(Dataset entries)

▬▬▬

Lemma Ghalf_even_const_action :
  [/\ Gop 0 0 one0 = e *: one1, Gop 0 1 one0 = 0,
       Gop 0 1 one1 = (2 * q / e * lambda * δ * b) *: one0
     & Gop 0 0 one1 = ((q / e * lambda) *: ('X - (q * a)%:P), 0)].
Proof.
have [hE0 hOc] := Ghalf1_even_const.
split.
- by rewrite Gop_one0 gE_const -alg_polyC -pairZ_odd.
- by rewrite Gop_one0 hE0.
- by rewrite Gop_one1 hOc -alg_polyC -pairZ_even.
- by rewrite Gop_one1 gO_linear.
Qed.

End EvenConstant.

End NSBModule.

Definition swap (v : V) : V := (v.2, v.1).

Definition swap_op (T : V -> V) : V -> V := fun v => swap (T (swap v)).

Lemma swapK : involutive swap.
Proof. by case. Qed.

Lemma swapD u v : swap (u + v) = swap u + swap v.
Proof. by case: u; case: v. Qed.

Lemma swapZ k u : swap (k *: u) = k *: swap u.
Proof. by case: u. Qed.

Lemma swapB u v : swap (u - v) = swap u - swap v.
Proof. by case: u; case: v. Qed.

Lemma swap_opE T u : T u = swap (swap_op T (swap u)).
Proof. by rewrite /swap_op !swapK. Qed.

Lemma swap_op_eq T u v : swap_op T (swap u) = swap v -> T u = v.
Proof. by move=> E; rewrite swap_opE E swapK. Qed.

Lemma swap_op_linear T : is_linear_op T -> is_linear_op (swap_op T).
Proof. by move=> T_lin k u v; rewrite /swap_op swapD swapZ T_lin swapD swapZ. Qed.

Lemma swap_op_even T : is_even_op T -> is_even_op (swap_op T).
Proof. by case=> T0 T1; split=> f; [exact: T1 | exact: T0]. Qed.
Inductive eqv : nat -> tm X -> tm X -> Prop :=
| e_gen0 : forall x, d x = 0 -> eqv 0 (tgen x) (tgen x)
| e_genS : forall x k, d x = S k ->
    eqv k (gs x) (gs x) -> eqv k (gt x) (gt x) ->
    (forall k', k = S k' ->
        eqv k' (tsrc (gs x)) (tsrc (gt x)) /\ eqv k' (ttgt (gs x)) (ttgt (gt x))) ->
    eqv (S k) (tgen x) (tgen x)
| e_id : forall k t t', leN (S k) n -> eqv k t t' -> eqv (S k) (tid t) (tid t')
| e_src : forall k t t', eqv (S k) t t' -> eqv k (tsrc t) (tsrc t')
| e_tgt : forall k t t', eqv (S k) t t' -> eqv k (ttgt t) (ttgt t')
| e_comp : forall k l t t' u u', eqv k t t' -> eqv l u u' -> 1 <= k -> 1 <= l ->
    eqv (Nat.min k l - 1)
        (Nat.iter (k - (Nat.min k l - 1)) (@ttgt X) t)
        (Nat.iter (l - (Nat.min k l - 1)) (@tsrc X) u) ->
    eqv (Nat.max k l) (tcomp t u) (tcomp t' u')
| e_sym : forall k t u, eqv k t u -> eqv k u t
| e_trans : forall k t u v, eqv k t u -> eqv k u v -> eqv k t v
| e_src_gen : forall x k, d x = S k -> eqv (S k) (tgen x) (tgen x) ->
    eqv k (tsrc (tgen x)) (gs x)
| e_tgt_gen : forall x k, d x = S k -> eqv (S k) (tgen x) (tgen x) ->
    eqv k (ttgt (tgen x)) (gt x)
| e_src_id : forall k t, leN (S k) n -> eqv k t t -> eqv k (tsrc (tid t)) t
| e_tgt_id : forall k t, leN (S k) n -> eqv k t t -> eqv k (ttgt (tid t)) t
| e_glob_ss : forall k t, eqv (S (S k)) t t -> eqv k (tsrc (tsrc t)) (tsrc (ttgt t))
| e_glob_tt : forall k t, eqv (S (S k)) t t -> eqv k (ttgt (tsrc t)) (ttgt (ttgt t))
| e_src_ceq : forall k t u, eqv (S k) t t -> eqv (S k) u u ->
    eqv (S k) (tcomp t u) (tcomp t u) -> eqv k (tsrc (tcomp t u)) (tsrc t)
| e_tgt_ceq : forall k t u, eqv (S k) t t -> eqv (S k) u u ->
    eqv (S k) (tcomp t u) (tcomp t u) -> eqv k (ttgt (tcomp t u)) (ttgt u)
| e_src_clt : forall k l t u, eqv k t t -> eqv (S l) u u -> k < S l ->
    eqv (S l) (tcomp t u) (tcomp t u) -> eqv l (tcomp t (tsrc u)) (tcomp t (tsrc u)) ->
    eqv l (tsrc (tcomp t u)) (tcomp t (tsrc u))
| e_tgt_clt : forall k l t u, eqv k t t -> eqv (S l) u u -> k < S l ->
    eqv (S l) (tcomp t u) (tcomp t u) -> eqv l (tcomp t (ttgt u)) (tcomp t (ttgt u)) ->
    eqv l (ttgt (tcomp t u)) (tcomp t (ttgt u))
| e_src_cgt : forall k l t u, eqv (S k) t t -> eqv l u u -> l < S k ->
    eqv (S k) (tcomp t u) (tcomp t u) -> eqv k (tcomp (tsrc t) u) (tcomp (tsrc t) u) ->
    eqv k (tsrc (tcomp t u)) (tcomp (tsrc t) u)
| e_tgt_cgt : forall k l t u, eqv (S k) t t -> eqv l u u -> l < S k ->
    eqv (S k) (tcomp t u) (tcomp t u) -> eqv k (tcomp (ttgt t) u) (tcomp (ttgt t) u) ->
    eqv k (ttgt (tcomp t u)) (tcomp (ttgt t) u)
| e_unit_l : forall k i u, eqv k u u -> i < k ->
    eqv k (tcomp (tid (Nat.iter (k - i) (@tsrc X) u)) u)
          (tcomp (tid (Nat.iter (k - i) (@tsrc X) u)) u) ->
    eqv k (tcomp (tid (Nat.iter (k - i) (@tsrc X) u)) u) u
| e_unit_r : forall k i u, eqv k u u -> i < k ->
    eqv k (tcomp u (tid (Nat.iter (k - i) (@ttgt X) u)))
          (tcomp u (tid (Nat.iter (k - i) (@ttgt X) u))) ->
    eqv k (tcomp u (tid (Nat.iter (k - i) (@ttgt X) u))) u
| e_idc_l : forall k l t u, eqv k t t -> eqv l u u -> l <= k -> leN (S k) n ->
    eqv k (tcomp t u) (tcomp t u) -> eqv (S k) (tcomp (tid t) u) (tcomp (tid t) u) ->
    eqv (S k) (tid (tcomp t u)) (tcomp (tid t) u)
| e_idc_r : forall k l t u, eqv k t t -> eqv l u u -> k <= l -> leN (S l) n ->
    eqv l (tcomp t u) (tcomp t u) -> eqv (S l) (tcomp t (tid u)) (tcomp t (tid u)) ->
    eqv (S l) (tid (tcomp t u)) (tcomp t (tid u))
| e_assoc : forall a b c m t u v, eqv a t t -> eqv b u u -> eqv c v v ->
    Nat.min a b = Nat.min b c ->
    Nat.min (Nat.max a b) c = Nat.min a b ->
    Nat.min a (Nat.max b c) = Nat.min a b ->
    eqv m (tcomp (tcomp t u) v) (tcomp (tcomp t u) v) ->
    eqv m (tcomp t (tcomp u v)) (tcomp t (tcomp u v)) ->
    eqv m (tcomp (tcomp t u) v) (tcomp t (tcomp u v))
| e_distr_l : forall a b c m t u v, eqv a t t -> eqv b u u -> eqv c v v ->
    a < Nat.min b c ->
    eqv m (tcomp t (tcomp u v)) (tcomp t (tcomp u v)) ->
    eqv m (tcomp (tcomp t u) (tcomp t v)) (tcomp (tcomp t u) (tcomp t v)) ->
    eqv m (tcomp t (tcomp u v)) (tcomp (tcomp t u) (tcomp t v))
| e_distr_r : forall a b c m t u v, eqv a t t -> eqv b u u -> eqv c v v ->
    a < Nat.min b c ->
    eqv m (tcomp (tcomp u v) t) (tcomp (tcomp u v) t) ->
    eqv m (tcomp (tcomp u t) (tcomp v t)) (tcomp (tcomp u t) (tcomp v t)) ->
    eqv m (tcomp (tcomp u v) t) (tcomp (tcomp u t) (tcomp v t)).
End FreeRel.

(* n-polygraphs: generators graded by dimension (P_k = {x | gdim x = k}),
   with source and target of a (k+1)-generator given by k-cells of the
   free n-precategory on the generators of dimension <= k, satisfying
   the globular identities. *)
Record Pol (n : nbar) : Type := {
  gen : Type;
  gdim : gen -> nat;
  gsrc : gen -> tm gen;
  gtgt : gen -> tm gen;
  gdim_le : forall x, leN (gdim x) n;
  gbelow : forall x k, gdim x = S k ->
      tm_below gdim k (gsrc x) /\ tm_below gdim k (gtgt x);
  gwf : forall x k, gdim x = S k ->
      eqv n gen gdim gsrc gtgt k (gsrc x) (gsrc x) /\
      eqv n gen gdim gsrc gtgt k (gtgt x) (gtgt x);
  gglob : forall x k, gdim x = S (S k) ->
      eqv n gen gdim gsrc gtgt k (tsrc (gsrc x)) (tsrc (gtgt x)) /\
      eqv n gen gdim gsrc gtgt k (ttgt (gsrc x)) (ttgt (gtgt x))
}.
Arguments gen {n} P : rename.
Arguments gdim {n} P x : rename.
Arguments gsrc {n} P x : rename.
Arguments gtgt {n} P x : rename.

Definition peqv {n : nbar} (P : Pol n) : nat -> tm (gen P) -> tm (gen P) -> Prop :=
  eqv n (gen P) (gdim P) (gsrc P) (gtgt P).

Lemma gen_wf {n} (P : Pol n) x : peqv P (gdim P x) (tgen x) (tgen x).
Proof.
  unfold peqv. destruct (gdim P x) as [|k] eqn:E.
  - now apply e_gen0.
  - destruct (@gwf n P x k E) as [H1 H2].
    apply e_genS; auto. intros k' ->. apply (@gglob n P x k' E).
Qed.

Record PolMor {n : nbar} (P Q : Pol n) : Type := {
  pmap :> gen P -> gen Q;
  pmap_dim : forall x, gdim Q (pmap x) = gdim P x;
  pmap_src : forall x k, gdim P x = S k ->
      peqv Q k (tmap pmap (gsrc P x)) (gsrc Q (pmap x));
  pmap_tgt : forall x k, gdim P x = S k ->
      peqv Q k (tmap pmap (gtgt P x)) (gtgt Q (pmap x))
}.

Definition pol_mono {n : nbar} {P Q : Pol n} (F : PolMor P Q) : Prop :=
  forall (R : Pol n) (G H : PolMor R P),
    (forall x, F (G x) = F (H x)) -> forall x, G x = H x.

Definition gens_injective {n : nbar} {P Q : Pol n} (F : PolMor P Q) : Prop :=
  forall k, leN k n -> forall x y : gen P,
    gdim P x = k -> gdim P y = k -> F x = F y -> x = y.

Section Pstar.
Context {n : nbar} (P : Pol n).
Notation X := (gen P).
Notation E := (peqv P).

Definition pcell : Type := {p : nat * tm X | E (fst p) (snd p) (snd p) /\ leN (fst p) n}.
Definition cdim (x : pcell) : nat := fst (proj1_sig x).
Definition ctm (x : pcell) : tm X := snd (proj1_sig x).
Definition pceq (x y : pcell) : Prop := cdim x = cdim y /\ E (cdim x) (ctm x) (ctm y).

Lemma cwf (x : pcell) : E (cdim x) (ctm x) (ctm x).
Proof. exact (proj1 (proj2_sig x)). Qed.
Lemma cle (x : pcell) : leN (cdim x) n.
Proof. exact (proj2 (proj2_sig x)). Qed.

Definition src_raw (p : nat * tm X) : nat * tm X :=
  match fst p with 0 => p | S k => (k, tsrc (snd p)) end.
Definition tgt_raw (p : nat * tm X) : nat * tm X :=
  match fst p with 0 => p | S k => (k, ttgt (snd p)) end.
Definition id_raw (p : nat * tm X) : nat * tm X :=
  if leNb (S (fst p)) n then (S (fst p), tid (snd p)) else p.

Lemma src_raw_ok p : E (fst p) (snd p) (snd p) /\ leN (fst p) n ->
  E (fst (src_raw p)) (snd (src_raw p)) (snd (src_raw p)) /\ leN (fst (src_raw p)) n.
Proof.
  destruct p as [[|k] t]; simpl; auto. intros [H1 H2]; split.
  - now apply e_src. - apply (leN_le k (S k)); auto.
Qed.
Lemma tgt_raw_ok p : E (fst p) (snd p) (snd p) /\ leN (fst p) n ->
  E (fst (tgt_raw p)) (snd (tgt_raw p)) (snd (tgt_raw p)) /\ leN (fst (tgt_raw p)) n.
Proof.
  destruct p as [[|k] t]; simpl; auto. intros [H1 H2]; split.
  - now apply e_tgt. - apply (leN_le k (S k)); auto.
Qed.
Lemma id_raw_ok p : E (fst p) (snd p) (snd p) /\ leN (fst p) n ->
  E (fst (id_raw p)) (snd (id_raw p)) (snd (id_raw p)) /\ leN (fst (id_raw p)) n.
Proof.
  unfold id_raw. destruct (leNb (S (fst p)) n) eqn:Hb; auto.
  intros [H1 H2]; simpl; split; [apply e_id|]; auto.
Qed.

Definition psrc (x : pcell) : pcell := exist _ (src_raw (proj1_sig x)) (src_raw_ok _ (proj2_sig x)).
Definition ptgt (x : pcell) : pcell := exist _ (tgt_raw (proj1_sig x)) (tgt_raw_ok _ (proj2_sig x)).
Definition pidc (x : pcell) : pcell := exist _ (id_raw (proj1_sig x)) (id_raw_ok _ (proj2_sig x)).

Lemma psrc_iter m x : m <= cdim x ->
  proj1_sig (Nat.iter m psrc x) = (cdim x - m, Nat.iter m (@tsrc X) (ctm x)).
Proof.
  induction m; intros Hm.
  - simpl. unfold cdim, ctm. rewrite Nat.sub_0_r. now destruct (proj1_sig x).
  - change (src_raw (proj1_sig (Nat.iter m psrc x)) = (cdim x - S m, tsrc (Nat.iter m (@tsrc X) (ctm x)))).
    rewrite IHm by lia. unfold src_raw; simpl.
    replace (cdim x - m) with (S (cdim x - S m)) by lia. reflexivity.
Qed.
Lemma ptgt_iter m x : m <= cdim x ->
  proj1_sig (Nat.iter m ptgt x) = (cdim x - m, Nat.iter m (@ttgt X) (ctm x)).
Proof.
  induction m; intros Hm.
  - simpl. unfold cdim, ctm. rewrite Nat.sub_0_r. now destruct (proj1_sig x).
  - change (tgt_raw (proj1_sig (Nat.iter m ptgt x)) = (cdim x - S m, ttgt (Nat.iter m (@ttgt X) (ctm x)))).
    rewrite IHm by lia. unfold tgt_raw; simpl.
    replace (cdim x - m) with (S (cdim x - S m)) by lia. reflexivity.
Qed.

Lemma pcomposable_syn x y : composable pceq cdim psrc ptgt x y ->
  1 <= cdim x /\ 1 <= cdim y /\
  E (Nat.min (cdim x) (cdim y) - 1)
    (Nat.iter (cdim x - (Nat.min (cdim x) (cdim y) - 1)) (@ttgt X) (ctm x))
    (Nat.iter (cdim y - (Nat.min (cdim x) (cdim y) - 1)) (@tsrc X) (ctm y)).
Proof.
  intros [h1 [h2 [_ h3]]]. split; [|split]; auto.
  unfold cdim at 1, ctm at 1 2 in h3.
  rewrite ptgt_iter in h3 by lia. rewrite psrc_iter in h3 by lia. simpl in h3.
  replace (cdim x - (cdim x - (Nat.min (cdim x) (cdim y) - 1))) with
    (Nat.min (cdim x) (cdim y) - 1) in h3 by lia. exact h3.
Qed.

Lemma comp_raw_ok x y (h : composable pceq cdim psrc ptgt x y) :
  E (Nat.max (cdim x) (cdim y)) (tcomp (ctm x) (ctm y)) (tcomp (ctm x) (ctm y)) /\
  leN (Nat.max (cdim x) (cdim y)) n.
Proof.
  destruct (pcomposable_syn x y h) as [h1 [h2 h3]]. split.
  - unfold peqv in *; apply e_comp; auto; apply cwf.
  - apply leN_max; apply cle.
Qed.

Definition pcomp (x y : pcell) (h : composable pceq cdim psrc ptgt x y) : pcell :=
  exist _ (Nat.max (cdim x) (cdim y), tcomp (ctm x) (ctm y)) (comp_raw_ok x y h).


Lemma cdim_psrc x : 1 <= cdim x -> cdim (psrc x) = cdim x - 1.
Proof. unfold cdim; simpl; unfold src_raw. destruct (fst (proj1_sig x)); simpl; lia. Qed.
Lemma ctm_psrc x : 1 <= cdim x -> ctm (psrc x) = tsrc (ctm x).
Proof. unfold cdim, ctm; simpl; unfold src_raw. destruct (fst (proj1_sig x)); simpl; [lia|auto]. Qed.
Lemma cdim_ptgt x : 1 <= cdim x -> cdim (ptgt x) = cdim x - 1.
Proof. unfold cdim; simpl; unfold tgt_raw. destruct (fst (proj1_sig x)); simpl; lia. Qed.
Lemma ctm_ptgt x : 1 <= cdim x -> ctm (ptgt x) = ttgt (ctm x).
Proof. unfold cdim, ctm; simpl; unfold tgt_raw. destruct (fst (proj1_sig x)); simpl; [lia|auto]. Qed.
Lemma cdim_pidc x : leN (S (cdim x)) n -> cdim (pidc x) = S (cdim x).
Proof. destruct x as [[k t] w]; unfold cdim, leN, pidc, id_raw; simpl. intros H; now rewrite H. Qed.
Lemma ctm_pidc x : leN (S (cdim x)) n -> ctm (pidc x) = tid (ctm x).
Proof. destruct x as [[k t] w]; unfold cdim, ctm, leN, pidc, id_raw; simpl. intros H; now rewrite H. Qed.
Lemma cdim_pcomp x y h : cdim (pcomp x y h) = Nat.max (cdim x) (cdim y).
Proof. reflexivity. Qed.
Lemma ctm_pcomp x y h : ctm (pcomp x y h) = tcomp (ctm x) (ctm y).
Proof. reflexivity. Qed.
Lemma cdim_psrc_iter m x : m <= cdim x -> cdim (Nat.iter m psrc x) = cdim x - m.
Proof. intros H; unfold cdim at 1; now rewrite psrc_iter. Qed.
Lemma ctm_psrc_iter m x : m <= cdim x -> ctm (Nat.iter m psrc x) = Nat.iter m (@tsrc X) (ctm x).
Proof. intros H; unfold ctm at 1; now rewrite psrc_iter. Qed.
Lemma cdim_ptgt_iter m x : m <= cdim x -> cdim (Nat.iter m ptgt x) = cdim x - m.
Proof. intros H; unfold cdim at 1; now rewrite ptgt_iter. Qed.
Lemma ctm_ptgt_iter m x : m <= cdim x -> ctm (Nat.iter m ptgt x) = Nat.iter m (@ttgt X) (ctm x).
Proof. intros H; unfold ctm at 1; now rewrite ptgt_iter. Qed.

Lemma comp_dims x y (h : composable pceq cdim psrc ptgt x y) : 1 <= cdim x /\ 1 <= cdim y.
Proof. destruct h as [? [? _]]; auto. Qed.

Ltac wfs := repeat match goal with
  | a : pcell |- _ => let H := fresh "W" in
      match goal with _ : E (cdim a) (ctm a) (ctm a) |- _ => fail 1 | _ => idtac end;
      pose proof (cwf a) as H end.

▬▬▬

What is needed.
Every line above that holds the string "change" should be returned.

Written solution.
  - change (src_raw (proj1_sig (Nat.iter m psrc x)) = (cdim x - S m, tsrc (Nat.iter m (@tsrc X) (ctm x)))).
  - change (tgt_raw (proj1_sig (Nat.iter m ptgt x)) = (cdim x - S m, ttgt (Nat.iter m (@ttgt X) (ctm x)))).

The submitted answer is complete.